◆ Task objective ◆
Go through the records below and return each line that has "move" in it.

◆ Records supplied ◆
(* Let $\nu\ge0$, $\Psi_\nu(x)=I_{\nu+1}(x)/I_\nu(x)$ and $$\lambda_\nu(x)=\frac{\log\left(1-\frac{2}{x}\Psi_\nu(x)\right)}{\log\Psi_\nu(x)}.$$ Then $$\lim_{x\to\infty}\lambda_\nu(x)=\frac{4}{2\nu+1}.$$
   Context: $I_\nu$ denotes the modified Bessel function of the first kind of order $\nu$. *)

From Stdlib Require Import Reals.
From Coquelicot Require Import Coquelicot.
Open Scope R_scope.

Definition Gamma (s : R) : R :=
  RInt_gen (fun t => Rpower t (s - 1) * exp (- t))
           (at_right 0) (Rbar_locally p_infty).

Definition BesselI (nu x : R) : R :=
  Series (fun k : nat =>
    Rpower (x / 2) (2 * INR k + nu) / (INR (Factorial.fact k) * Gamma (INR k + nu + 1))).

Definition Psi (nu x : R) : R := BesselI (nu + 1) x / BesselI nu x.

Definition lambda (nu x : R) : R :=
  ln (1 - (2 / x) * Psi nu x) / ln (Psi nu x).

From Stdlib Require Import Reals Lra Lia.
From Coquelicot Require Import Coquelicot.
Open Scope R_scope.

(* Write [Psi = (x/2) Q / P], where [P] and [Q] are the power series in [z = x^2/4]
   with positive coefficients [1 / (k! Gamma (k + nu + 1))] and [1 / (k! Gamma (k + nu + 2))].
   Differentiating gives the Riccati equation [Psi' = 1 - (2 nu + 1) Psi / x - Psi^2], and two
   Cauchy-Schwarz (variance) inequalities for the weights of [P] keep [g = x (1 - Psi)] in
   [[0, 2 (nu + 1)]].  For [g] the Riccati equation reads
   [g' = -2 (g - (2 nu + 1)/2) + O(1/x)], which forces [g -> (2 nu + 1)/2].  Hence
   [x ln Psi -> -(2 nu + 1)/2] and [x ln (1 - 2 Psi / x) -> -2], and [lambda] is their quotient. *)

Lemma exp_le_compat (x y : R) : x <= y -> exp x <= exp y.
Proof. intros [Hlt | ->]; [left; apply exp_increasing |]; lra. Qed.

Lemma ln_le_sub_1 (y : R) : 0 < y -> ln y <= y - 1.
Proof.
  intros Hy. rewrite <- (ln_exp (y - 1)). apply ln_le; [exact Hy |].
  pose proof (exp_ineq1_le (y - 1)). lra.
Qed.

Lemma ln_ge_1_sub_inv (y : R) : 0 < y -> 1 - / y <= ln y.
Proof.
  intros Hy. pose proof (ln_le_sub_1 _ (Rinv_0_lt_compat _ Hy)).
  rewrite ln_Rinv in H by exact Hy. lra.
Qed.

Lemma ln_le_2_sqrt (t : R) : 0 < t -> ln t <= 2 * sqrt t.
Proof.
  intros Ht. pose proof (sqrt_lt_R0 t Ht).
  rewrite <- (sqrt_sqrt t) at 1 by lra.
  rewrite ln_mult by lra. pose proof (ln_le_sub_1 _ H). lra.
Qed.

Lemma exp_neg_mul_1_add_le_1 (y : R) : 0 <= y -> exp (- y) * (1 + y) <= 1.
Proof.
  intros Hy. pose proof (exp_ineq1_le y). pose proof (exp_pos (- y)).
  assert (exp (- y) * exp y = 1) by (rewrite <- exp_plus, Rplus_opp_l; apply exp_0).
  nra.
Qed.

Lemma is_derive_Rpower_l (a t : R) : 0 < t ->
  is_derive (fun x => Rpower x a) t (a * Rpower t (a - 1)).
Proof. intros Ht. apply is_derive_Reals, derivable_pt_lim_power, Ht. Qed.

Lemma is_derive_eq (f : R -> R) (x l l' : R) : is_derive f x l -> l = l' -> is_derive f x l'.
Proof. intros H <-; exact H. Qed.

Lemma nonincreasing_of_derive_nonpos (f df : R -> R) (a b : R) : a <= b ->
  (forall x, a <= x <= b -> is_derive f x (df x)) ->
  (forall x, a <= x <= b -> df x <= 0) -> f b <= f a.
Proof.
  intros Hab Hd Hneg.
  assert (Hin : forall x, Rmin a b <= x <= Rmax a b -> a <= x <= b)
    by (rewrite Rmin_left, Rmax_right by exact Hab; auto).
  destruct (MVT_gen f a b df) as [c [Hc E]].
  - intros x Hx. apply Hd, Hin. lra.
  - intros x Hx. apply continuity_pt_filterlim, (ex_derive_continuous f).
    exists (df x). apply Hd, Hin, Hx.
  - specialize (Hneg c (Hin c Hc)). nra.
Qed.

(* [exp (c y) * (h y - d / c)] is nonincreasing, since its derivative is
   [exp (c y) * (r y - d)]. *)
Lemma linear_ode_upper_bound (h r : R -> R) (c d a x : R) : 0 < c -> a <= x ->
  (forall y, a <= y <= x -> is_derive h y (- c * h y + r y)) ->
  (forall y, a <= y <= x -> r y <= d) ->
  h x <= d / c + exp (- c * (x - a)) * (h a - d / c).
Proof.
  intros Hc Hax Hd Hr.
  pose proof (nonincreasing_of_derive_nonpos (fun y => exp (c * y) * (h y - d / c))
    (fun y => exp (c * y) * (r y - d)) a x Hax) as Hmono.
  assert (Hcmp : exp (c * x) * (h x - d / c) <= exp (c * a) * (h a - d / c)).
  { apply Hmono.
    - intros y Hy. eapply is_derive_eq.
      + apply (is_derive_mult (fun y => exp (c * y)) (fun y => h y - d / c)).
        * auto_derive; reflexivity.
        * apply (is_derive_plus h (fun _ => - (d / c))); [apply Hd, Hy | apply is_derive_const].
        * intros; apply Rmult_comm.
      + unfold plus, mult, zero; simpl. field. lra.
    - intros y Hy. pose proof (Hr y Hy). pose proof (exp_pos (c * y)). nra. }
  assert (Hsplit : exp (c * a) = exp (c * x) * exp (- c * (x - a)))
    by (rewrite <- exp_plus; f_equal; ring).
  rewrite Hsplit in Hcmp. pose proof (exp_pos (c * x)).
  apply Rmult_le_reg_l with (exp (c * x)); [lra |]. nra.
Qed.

--

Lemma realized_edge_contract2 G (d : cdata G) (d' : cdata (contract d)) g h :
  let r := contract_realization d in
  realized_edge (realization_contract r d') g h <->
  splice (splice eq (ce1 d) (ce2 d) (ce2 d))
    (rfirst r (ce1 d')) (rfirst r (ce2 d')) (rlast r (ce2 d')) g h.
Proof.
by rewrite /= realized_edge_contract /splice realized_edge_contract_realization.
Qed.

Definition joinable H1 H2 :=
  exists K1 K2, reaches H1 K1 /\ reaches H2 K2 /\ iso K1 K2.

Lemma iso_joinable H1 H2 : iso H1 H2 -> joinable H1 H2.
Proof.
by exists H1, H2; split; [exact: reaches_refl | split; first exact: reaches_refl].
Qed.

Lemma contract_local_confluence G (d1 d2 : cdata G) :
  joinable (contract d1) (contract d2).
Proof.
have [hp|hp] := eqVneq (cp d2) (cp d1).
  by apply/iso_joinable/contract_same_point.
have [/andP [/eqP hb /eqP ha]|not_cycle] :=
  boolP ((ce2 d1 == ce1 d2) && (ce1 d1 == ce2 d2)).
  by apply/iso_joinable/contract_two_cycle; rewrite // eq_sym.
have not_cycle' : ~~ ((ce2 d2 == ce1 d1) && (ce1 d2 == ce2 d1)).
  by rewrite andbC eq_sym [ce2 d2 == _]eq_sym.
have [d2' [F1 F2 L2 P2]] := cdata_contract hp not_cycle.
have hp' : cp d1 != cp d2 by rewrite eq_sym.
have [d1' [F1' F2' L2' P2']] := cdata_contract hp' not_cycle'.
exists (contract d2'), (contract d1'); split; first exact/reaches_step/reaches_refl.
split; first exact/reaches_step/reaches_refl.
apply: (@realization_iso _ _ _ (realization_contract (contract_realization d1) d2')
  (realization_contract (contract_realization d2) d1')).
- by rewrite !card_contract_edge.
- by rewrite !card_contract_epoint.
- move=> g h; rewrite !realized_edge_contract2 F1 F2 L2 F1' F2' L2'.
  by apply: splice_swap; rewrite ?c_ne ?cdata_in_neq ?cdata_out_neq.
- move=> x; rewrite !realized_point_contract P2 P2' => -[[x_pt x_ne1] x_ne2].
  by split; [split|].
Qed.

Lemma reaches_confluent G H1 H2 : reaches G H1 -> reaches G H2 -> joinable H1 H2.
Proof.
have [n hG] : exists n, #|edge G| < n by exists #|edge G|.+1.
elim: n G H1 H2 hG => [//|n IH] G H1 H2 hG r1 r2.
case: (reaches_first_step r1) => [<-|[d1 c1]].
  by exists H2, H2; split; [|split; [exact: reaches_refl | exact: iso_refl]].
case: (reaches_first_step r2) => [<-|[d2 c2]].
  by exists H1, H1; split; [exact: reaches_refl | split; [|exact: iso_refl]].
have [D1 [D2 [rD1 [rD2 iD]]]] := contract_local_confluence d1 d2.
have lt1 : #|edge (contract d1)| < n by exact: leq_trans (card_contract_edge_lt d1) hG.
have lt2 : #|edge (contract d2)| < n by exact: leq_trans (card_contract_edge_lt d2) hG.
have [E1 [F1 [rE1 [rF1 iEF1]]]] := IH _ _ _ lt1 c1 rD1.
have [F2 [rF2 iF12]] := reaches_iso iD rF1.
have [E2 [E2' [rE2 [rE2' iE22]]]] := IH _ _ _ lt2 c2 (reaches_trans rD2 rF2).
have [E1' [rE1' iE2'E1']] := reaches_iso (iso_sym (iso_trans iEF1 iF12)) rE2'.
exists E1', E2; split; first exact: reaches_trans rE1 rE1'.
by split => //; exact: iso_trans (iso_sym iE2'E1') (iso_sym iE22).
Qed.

◆ Result for this task ◆
- move=> g h; rewrite !realized_edge_contract2 F1 F2 L2 F1' F2' L2'.
- move=> x; rewrite !realized_point_contract P2 P2' => -[[x_pt x_ne1] x_ne2].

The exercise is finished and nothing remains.